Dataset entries
(* Let $s\le L$ be positive integers, $\mathbf{D}\in\mathbb{R}^{N\times N}$, $\mathbf{H}\in\mathbb{R}^{N\times L}$, $\mathbf{A}\in\mathbb{R}^{m\times N}$ with $m<N$, and consider the system $\mathbf{x}_k=\mathbf{D}\mathbf{x}_{k-1}+\mathbf{H}\mathbf{h}_k$, $\mathbf{y}_k=\mathbf{A}\mathbf{x}_k$, with inputs satisfying $\|\mathbf{h}_k\|_0\le s$. If the system is output $s$-sparse-controllable, then $s\ge m-\operatorname{rank}(\mathbf{A}\mathbf{D})$ and, for all $\lambda\in\mathbb{C}$, the matrix $\mathbf{A}\begin{bmatrix}\lambda\mathbf{I}-\mathbf{D} & \mathbf{H}\end{bmatrix}\in\mathbb{C}^{m\times(N+L)}$ has rank $m$.
   Context: $\|\cdot\|_0$ denotes the number of nonzero entries. The system is output $s$-sparse-controllable if for every initial state $\mathbf{x}_0\in\mathbb{R}^N$ and every desired output $\mathbf{y}\in\mathbb{R}^m$ there exist a finite $K$ and inputs $\mathbf{h}_1,\dots,\mathbf{h}_K\in\mathbb{R}^L$ with $\|\mathbf{h}_k\|_0\le s$ for all $k$ such that $\mathbf{y}_K=\mathbf{A}\mathbf{x}_K=\mathbf{y}$. *)

From HB Require Import structures.
From mathcomp Require Import all_boot all_order all_algebra.
From mathcomp Require Import reals.
From mathcomp Require Export complex.
Set Implicit Arguments. Unset Strict Implicit. Unset Printing Implicit Defensive.
Import Order.TTheory GRing.Theory Num.Theory.
Local Open Scope ring_scope.

Definition l0norm (R : nzRingType) (L : nat) (h : 'cV[R]_L) : nat :=
  #|[set i : 'I_L | h i 0 != 0]|.

Definition final_state (R : nzRingType) (N L : nat) (D : 'M[R]_N) (H : 'M[R]_(N, L))
  (x0 : 'cV[R]_N) (hs : seq 'cV[R]_L) : 'cV[R]_N :=
  foldl (fun x h => D *m x + H *m h) x0 hs.

Definition output_sparse_controllable (R : nzRingType) (m N L : nat)
  (D : 'M[R]_N) (H : 'M[R]_(N, L)) (A : 'M[R]_(m, N)) (s : nat) : Prop :=
  forall (x0 : 'cV[R]_N) (y : 'cV[R]_m),
    exists hs : seq 'cV[R]_L,
      [/\ (0 < size hs)%N,
          all (fun h => (l0norm h <= s)%N) hs
        & A *m final_state D H x0 hs = y].

Definition cmx (R : rcfType) (p q : nat) (M : 'M[R]_(p, q)) : 'M[complex R]_(p, q) :=
  map_mx (fun r : R => (r%:C)%C) M.

From HB Require Import structures.
From mathcomp Require Import all_boot all_order all_algebra.
From mathcomp Require Import reals complex.
Import Order.TTheory GRing.Theory Num.Theory.
Set Implicit Arguments. Unset Strict Implicit. Unset Printing Implicit Defensive.
Local Open Scope ring_scope.

(* If m > rank(AD) + s, an output whose last input is supported on S lies in
   the span of the columns of AD and of the columns of AH indexed by S.  These
   are finitely many proper subspaces of R^m, and they cannot cover R^m: a
   nonzero functional vanishing on each one, evaluated on the moment curve
   (1, t, ..., t^(m-1)), is a nonzero polynomial in t, so some t avoids the
   roots of all of them.
   If A [lambda I - D, H] is rank deficient, a nonzero w in its left kernel
   makes z = w A a left eigenvector of D with z H = 0, so z x = 0 is preserved
   along every trajectory started at 0, and no output y with w y <> 0 is
   reachable. *)

Lemma final_state_rcons (R : nzRingType) N L (D : 'M[R]_N) (H : 'M[R]_(N, L))
    x0 hs h :
  final_state D H x0 (rcons hs h) = D *m final_state D H x0 hs + H *m h.
Proof. by rewrite /final_state foldl_rcons. Qed.

Lemma map_final_state (R S : nzRingType) (f : {rmorphism R -> S}) N L
    (D : 'M[R]_N) (H : 'M[R]_(N, L)) x0 hs :
  map_mx f (final_state D H x0 hs) =
  final_state (map_mx f D) (map_mx f H) (map_mx f x0) (map (map_mx f) hs).
Proof.
elim: hs x0 => [|h hs IHhs] x0 //=.
by rewrite /final_state /= -/(final_state _ _ _ _) IHhs map_mxD !map_mxM.
Qed.

Lemma left_eigvec_final_state (R : comNzRingType) N L
    (D : 'M[R]_N) (H : 'M[R]_(N, L)) (z : 'rV_N) (a : R) x0 hs :
  z *m D = a *: z -> z *m H = 0 -> z *m x0 = 0 ->
  z *m final_state D H x0 hs = 0.
Proof.
move=> zD zH; elim: hs x0 => [|h hs IHhs] x0 zx0 //=; apply: IHhs.
by rewrite mulmxDr !mulmxA zD zH mul0mx addr0 -scalemxAl zx0 scaler0.
Qed.

Lemma row_freePn (F : fieldType) p q (M : 'M[F]_(p, q)) :
  reflect (exists2 w : 'rV_p, w != 0 & w *m M = 0) (~~ row_free M).
Proof.
rewrite -kermx_eq0; apply: (iffP rowV0Pn) => [[w /sub_kermxP wM w0]|[w w0 wM]].
  by exists w.
by exists w => //; apply/sub_kermxP.
Qed.

Lemma exists_nonroot (R : numDomainType) (p : {poly R}) :
  p != 0 -> exists x, ~~ root p x.
Proof.
move=> p0; pose xs := mkseq (fun i => i%:R : R) (size p).
have /hasP[x _ px] : has (fun x => ~~ root p x) xs; last by exists x.
apply/hasPn => all_roots; case/eqP: p0; apply: (roots_geq_poly_eq0 (rs := xs)).
- by apply/allP => x /all_roots /negPn.
- by rewrite map_inj_uniq ?iota_uniq // => i j /eqP; rewrite eqr_nat => /eqP.
- by rewrite size_mkseq.
Qed.

Lemma horner_rVpoly_moment (R : comNzRingType) n (u : 'rV[R]_n) x :
  (rVpoly u).[x] = ((\row_(j < n) x ^+ j) *m u^T) 0 0.
Proof.
rewrite (horner_coef_wide _ (size_poly _ _)) mxE.
by apply: eq_bigr => j _; rewrite coef_rVpoly_ord !mxE mulrC.
Qed.

Lemma exists_row_notin_proper_submx (R : numFieldType) (I : finType) p n
    (V : I -> 'M[R]_(p, n)) :
  (forall i, ~~ row_full (V i)) -> exists y : 'rV_n, forall i, ~~ (y <= V i)%MS.
Proof.
move=> Vproper.
have /fin_all_exists2[w w0 Vw] :
    forall i, exists2 w : 'rV_n, w != 0 & w *m (V i)^T = 0.
  move=> i; apply/row_freePn.
  by rewrite /row_free mxrank_tr; apply: Vproper.
have [t Pt] : exists t, ~~ root (\prod_i rVpoly (w i)) t.
  apply: exists_nonroot; rewrite prodf_seq_neq0; apply/allP => i _ /=.
  by apply: contra (w0 i) => /eqP wi0; rewrite -[w i]rVpolyK wi0 linear0.
exists (\row_j t ^+ j) => i; apply/negP => /submxP[X tX].
move: Pt; rewrite /root horner_prod (bigD1 i) //= horner_rVpoly_moment tX.
by rewrite -mulmxA -[V i]trmxK -trmx_mul Vw trmx0 mulmx0 mxE mul0r eqxx.
Qed.

Section SparseOutputSpace.

Variables (R : fieldType) (m N L : nat).
Variables (D : 'M[R]_N) (H : 'M[R]_(N, L)) (A : 'M[R]_(m, N)).

Definition sparse_output_space (S : {set 'I_L}) : 'M[R]_m :=
  ((A *m D)^T + \sum_(i in S) <<(col i (A *m H))^T>>)%MS.

Lemma mxrank_sparse_output_space S :
  (\rank (sparse_output_space S) <= \rank (A *m D) + #|S|)%N.
Proof.
apply: leq_trans (leq_of_leqif (mxrank_adds_leqif _ _)) _.
rewrite mxrank_tr leq_add2l -sum1_card.
apply: leq_trans (leq_of_leqif (mxrank_sum_leqif _)) _ => /=.
by apply: leq_sum => i _; rewrite genmxE rank_leq_row.
Qed.

Lemma output_step_sub_sparse_output_space (x : 'cV_N) (h : 'cV_L) :
  ((A *m (D *m x + H *m h))^T
     <= sparse_output_space [set i | h i 0 != 0])%MS.
Proof.
rewrite mulmxDr linearD /= !mulmxA (trmx_mul (A *m D)) (trmx_mul (A *m H)).
apply: addmx_sub_adds; first exact: submxMl.
rewrite mulmx_sum_row; apply: summx_sub => i _.
have [hi0|] := eqVneq (h i 0) 0; first by rewrite mxE hi0 scale0r sub0mx.
move=> hi_neq0; apply: scalemx_sub; apply: (sumsmx_sup i); first by rewrite inE.
by rewrite genmxE -tr_col.
Qed.

End SparseOutputSpace.

Lemma sparse_controllable_rank_bound (R : numFieldType) m N L s
    (D : 'M[R]_N) (H : 'M[R]_(N, L)) (A : 'M[R]_(m, N)) :
  output_sparse_controllable D H A s -> (m - \rank (A *m D) <= s)%N.
Proof.
move=> ctrl; rewrite leqNgt ltn_subRL; apply/negP => rank_small.
pose V (S : {S : {set 'I_L} | (#|S| <= s)%N}) :=
  sparse_output_space D H A (val S).
have [y yV] : exists y : 'rV_m, forall S, ~~ (y <= V S)%MS.
  apply: exists_row_notin_proper_submx => -[S S_s]; apply/negP => /eqP full.
  have := mxrank_sparse_output_space D H A S.
  by rewrite full leqNgt (leq_ltn_trans _ rank_small) // leq_add2l.
have [hs [hs0 hs_sparse yhs]] := ctrl 0 y^T.
case/lastP: hs hs0 hs_sparse yhs => [//|hs h] _.
rewrite all_rcons final_state_rcons => /andP[h_s _] yhs.
have := yV (exist _ [set i | h i 0 != 0] h_s).
by rewrite -[y]trmxK -yhs output_step_sub_sparse_output_space.
Qed.

Lemma sparse_controllable_full_rank_pencil (R : rcfType) m N L s
    (D : 'M[R]_N) (H : 'M[R]_(N, L)) (A : 'M[R]_(m, N)) :
  output_sparse_controllable D H A s ->
  forall lambda : complex R,
    \rank (cmx A *m row_mx (lambda%:M - cmx D) (cmx H)) = m.
Proof.
move=> ctrl lambda; apply/eqP; apply/negPn/row_freePn => -[w w0].
rewrite mulmxA mul_mx_row -row_mx0 => /eq_row_mx[wD wH].
have wAD : w *m cmx A *m cmx D = lambda *: (w *m cmx A).
  by move/eqP: wD; rewrite mulmxBr subr_eq0 mul_mx_scalar => /eqP.
have w_unreachable (y : 'cV[R]_m) : w *m cmx y = 0.
  have [hs [_ _ <-]] := ctrl 0 y.
  rewrite /cmx map_mxM mulmxA map_final_state.
  apply: left_eigvec_final_state wAD wH _.
  by rewrite /cmx map_mx0 mulmx0.
case/eqP: w0; apply/rowP => j.
have /colP/(_ 0) := w_unreachable (delta_mx j 0).
by rewrite /cmx map_delta_mx -colE !mxE.
Qed.

Theorem corollary1 (R : realType) (m N L s : nat)
  (D : 'M[R]_N) (H : 'M[R]_(N, L)) (A : 'M[R]_(m, N)) :
  (0 < s)%N -> (s <= L)%N -> (m < N)%N ->
  output_sparse_controllable D H A s ->
  (m - \rank (A *m D) <= s)%N /\
  (forall lambda : complex R,
      \rank (cmx A *m row_mx (lambda%:M - cmx D) (cmx H)) = m).
Proof.
move=> _ _ _ ctrl; split.
  exact: sparse_controllable_rank_bound ctrl.
exact: sparse_controllable_full_rank_pencil ctrl.
Qed.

- **Problem to solve**
Lines with "Definition" in the records above: copy every one of them.

- **Solution to the problem**
Definition l0norm (R : nzRingType) (L : nat) (h : 'cV[R]_L) : nat :=
Definition final_state (R : nzRingType) (N L : nat) (D : 'M[R]_N) (H : 'M[R]_(N, L))
Definition output_sparse_controllable (R : nzRingType) (m N L : nat)
Definition cmx (R : rcfType) (p q : nat) (M : 'M[R]_(p, q)) : 'M[complex R]_(p, q) :=
Definition sparse_output_space (S : {set 'I_L}) : 'M[R]_m :=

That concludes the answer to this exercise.